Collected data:
··········
(* In a rational module z acts as L0 = -h/2, so h is the scalar -2z, and the
   relations [h,e] = 2e, [h,f] = -2f say that e and f are semilinear for the
   shifts x(z) |-> x(z+1) and x(z) |-> x(z-1) of C(z).  Hence the Casimir
   operator C is C(z)-linear and commutes with f.  Moreover f has trivial
   kernel: if f v = 0, then f (e^(n+1) v) = (n+1)(2z+n) e^n v, so for v <> 0
   the vectors v, ev, e^2v, ... would be linearly independent.  Applying f to
   M(C) = 0, where M is the minimal polynomial of C over C(z), shows that the
   polynomial obtained from M by the substitution z |-> z+1 in its coefficients
   also kills C; it is monic of the same degree, so it equals M.  A rational
   function invariant under z |-> z+1 is constant, so M has coefficients in C,
   and it is then also the minimal polynomial of C over C. *)

From HB Require Import structures.
From mathcomp Require Import all_boot all_algebra.
From mathcomp Require Import boolp reals.
From mathcomp.real_closed Require Import complex.
From mathcomp Require Import ring.
Import GRing.Theory Num.Theory.
Local Open Scope ring_scope.

Local Notation "x %:F" := (@FracField.tofrac _ x).

Section PolyShift.
Context {F : numFieldType}.

Lemma poly_nat_nonroot_tail (p : {poly F}) :
  p != 0 -> exists k0, forall k, (k0 <= k)%N -> ~~ root p k%:R.
Proof.
elim: {p}(size p) {-2}p (leqnn (size p)) => [|s IHs] p.
  by rewrite leqn0 size_poly_eq0 => /eqP ->; rewrite eqxx.
move=> size_p p_neq0.
have [[k /factor_theorem [q def_p]] | no_root] :=
  pselect (exists k : nat, root p k%:R); last first.
  by exists 0%N => k _; apply/negP => pk; apply: no_root; exists k.
have q_neq0 : q != 0 by apply: contraNneq p_neq0 => q0; rewrite def_p q0 mul0r.
have size_q : (size q <= s)%N.
  by move: size_p; rewrite def_p size_mul ?polyXsubC_eq0 // size_XsubC addn2.
have [k1 q_tail] := IHs q size_q q_neq0.
exists (maxn k1 k.+1) => j; rewrite geq_max => /andP [k1j kj].
rewrite def_p rootM negb_or q_tail // root_XsubC eqr_nat.
by apply: contraTN kj => /eqP ->; rewrite ltnn.
Qed.

Lemma shift_invariant_ratio (n d : {poly F}) : d != 0 ->
  (n \Po ('X + 1)) * d = n * (d \Po ('X + 1)) -> exists c, n = c%:P * d.
Proof.
move=> d_neq0 nd_inv.
have [k0 d_tail] := poly_nat_nonroot_tail _ d_neq0.
pose c := n.[k0%:R] / d.[k0%:R]; exists c.
pose P := n - c%:P * d.
have P_inv : (P \Po ('X + 1)) * d = P * (d \Po ('X + 1)).
  by rewrite /P comp_polyB comp_polyM comp_polyC mulrBl nd_inv; ring.
have P_tail j : root P (k0 + j)%:R.
  elim: j => [|j IHj].
    by rewrite addn0 /root /P !hornerE /c divfK ?subrr ?d_tail.
  have /eqP := congr1 (horner^~ (k0 + j)%:R) P_inv.
  have XS1 : ('X + 1 : {poly F}).[(k0 + j)%:R] = (k0 + j.+1)%:R.
    by rewrite hornerD hornerX hornerC natr1 addnS.
  rewrite !hornerM !horner_comp XS1 (rootP IHj) mul0r.
  have := d_tail _ (leq_addr j k0); rewrite rootE => dj.
  by rewrite mulf_eq0 (negPf dj) orbF.
apply/eqP; rewrite -subr_eq0 -/P; apply: contraT => P_neq0.
have [k1 P_nonroot] := poly_nat_nonroot_tail _ P_neq0.
by have := P_nonroot (k0 + k1)%N (leq_addl _ _); rewrite P_tail.
Qed.

End PolyShift.

Lemma tofrac_numden {T : idomainType} (x : {fraction T}) :
  x = (\n_(repr x))%:F / (\d_(repr x))%:F.
Proof.
rewrite -{1}(reprK x); move: (repr x) => r.
have d_neq0 : (\d_r)%:F != 0 :> {fraction T} by rewrite tofrac_eq0 denom_ratioP.
apply: (mulIf d_neq0); rewrite divfK //; unlock FracField.tofrac; rewrite !piE.
apply/eqmodP; rewrite /= FracField.equivfE /FracField.mulf /=.
by rewrite !numden_Ratio ?mulf_neq0 ?oner_neq0 ?denom_ratioP // !mulr1 mulrC.
Qed.

Lemma tofrac_div_eq {T : idomainType} (p q p' q' : T) : q != 0 -> q' != 0 ->
  (p%:F / q%:F == p'%:F / q'%:F :> {fraction T}) = (p * q' == p' * q).
Proof.
move=> q_neq0 q'_neq0.
by rewrite eqr_div ?tofrac_eq0 // -!tofracM tofrac_eq.
Qed.

Section FractionShift.
Context {F : idomainType}.
Implicit Types (d : F) (p q : {poly F}) (x : {fraction {poly F}}).

Local Notation shiftX d := ('X + d%:P).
··········
WORK INSTRUCTION:
Lines to set down from above: the line with "by apply: contraTN", the line with "pose P := n - c%:P * d.", and every line between, each exactly as written.

WRITTEN RESPONSE:
by apply: contraTN kj => /eqP ->; rewrite ltnn.
Qed.

Lemma shift_invariant_ratio (n d : {poly F}) : d != 0 ->
  (n \Po ('X + 1)) * d = n * (d \Po ('X + 1)) -> exists c, n = c%:P * d.
Proof.
move=> d_neq0 nd_inv.
have [k0 d_tail] := poly_nat_nonroot_tail _ d_neq0.
pose c := n.[k0%:R] / d.[k0%:R]; exists c.
pose P := n - c%:P * d.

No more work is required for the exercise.